García de Casasola G, Cacho Acosta G, Gonzálvez-Gasch A, Barba Martín R, Herreros Valdepeñas B, Barbado Cano A. [Nasogastric enteral nutrition in severe acute pancreatitis].
Med Clin (Barc) 2008;
130:492-3. [PMID:
18423167 DOI:
10.1157/13119490]
[Citation(s) in RCA: 2] [Impact Index Per Article: 0.1] [Reference Citation Analysis] [Abstract] [Track Full Text] [Journal Information] [Subscribe] [Scholar Register] [Indexed: 01/19/2023]
Abstract
BACKGROUND AND OBJECTIVE
To establish the nasogastric enteral nutrition tolerance in patients with severe acute pancreatitis.
PATIENTS AND METHOD
A total of 12 patients with severe acute pancreatitis (> or = 3 Ranson criteria; C-reactive protein > 210 mg/dl) and adverse clinical course were included during 2006. When we verified the disease severity, nasogastric (10 F) enteral nutrition was initiated. We used a low fat semi-elemental feed (Dietgrif) in a slow infusion rate. We evaluated the enteral nutrition tolerance and the adverse events.
RESULTS
The patient (4 women and 8 men) mean age (standard deviation) was 70 (11) years and the mean hospital stay was 86 days (range: 14-405 days). The etiology of pancreatitis was: gallstones 8, alcohol abuse one and unknown 3. All patients had medical and/or pancreatic complications. Seven had significant pancreatic necrosis detected in the abdominal computed tomography. Three patients were admitted in the critical care unit and 2 died.

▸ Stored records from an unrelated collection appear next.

(* Let $X$ be a random variable taking values in $\mathbb{R}_+$, and let $\mathbf{J}\in\mathbb{C}^{n\times n}$ be a Jordan block with eigenvalue $\lambda$, $\Re(\lambda)>0$. For $j\in\{1,\dots,n\}$ let $Z_j\sim\mathrm{Erlang}(j,\Re(\lambda))$ be independent of $X$, and let $Z_0=0$. Then for each $j\in\{1,\dots,n\}$, $$\big|\boldsymbol{\mathcal{L}}_X(\mathbf{J})_{1,j}\big|\le\Re(\lambda)^{1-j}\max\big(\mathbb{P}(Z_j>X),\mathbb{P}(Z_{j-1}>X)\big)\le\Re(\lambda)^{1-j}.$$
   Context: $\boldsymbol{\mathcal{L}}_X(\mathbf{J})=\mathbb{E}[\exp(-\mathbf{J}X)]$ (entrywise expectation of the matrix exponential). A Jordan block with eigenvalue $\lambda$ has $\lambda$ on the diagonal, ones on the first superdiagonal and zeros elsewhere. Erlang$(j,\mu)$ is the distribution of a sum of $j$ i.i.d. exponential random variables with rate $\mu$. *)

From HB Require Import structures.
From mathcomp Require Import all_boot all_order all_algebra.
From mathcomp Require Import all_classical all_reals all_analysis.
From mathcomp Require Import complex.
Set Implicit Arguments. Unset Strict Implicit. Unset Printing Implicit Defensive.
Import Order.TTheory GRing.Theory Num.Theory.
Import numFieldNormedType.Exports.
Local Open Scope classical_set_scope.
Local Open Scope ring_scope.
Local Open Scope complex_scope.

Definition jordan_block {R : realType} (n : nat) (lam : R[i]) : 'M[R[i]]_n :=
  \matrix_(i < n, j < n)
    (if i == j then lam else if j == i.+1 :> nat then 1 else 0).

(* Matrix exponential, entrywise the limit of the partial sums of the
   exponential series  sum_k A^k / k!  (real and imaginary parts taken
   separately; the series always converges). *)
Definition expm {R : realType} (n : nat) (A : 'M[R[i]]_n) : 'M[R[i]]_n :=
  \matrix_(i < n, j < n)
    Complex
      (lim ((fun N : nat => complex.Re ((\sum_(k < N) (k`!%:R)^-1 *: A ^+ k) i j)) @ \oo))
      (lim ((fun N : nat => complex.Im ((\sum_(k < N) (k`!%:R)^-1 *: A ^+ k) i j)) @ \oo)).

Definition cexpectation {d} {T : measurableType d} {R : realType}
  (P : probability T R) (f : T -> R[i]) : R[i] :=
  Complex (fine ('E_P[fun w => complex.Re (f w)])%E) (fine ('E_P[fun w => complex.Im (f w)])%E).

Definition mlaplace {d} {T : measurableType d} {R : realType}
  (P : probability T R) (X : T -> R) (n : nat) (J : 'M[R[i]]_n) : 'M[R[i]]_n :=
  \matrix_(i < n, j < n)
    cexpectation P (fun w => expm (- ((X w)%:C *: J)) i j).

Definition erlang_pdf {R : realType} (k : nat) (mu : R) (x : R) : R :=
  if 0 <= x then mu ^+ k * x ^+ k.-1 * expR (- (mu * x)) / (k.-1)`!%:R else 0.

Definition is_erlang {d} {T : measurableType d} {R : realType}
  (P : probability T R) (Z : T -> R) (k : nat) (mu : R) : Prop :=
  forall A : set R, measurable A ->
    P (Z @^-1` A) = (\int[lebesgue_measure]_(x in A) (erlang_pdf k mu x)%:E)%E.

Definition indep_rv {d} {T : measurableType d} {R : realType}
  (P : probability T R) (X Y : T -> R) : Prop :=
  forall A B : set R, measurable A -> measurable B ->
    P (X @^-1` A `&` Y @^-1` B) = (P (X @^-1` A) * P (Y @^-1` B))%E.

From HB Require Import structures.
From mathcomp Require Import all_boot all_order all_algebra.
From mathcomp Require Import all_classical all_reals all_analysis.
From mathcomp Require Import measurable_realfun complex ring lra.
Set Implicit Arguments. Unset Strict Implicit. Unset Printing Implicit Defensive.
Import Order.TTheory GRing.Theory Num.Theory.
Import numFieldNormedType.Exports.
Local Open Scope classical_set_scope.
Local Open Scope ring_scope.
Local Open Scope complex_scope.

Local Notation Re := complex.Re.
Local Notation Im := complex.Im.

(* The first row of exp(-xJ) is exp(-lam x) ((-x)^k / k!)_k, so with a = Re lam
   the (1, k+1) entry of L_X(J) has modulus at most E[X^k exp(-aX) / k!].
   For x >= 0, (ax)^k exp(-ax) / k! is the last term of
   P(Z_{k+1} > x) = sum_{m <= k} (ax)^m exp(-ax) / m!, and averaging over the
   independent X gives a^k E[X^k exp(-aX) / k!] <= P(Z_{k+1} > X). *)

Section ExpPartialSum.
Variable F : numFieldType.

Definition exp_psum (a : F) (M : nat) : F := \sum_(m < M) a ^+ m / m`!%:R.

Lemma exp_psumS a M : exp_psum a M.+1 = exp_psum a M + a ^+ M / M`!%:R.
Proof. by rewrite /exp_psum big_ord_recr. Qed.

Lemma fact_neq0 k : (k`!%:R : F) != 0.
Proof. by rewrite pnatr_eq0 -lt0n fact_gt0. Qed.

Lemma exp_psumD_cauchy a b M :
  \sum_(p < M) a ^+ p / p`!%:R * exp_psum b (M - p) = exp_psum (a + b) M.
Proof.
elim: M => [|M IH]; first by rewrite /exp_psum !big_ord0.
rewrite exp_psumS -IH big_ord_recr /= subSnn.
under eq_bigr => p _ do rewrite subSn 1?ltnW // exp_psumS mulrDr.
rewrite big_split /= -!addrA; congr (_ + _).
rewrite [a + b]addrC exprDn mulr_suml big_ord_recr /= subnn binn expr0 mulr1n.
rewrite /exp_psum big_ord1 expr0 fact0 divr1 mulr1 mul1r; congr (_ + _).
apply: eq_bigr => p _; have pM : (p <= M)%N by exact: ltnW.
rewrite -(bin_fact pM) !natrM -mulr_natr.
have := fact_neq0 p; have := fact_neq0 (M - p).
have : ('C(M, p)%:R : F) != 0 by rewrite pnatr_eq0 -lt0n bin_gt0.
by move=> h1 h2 h3; field; rewrite h1 h2 h3.
Qed.

Lemma exp_psumM_subD a b M : exp_psum a M * exp_psum b M - exp_psum (a + b) M =
  \sum_(p < M) a ^+ p / p`!%:R * \sum_(M - p <= q < M) b ^+ q / q`!%:R.
Proof.
rewrite -exp_psumD_cauchy mulr_suml -sumrB; apply: eq_bigr => p _.
rewrite -mulrBr /exp_psum -!(big_mkord xpredT (fun q => b ^+ q / q`!%:R)).
by rewrite (@big_cat_nat _ _ _ (M - p) 0 M) ?leq_subr //= addrAC subrr add0r.
Qed.

Lemma norm_exp_psum_term (a : F) q : `|a ^+ q / q`!%:R| = `|a| ^+ q / q`!%:R.
Proof. by rewrite normrM normrX normfV normr_nat. Qed.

The nasogastric enteral nutrition was well tolerated in 8 out of 12 patients (67%) regardless of their medical or pancreatic complications. Only in 3 patients we had initially to discontinue the feeding because of ileus and total parenteral nutrition was provisionally necessary. Enteral nutrition was impossible in one patient because of duodenal stenosis.
CONCLUSIONS
Nasogastric enteral nutrition is well tolerated in patients with severe acute pancreatitis and it is an alternative to others nutritional routes.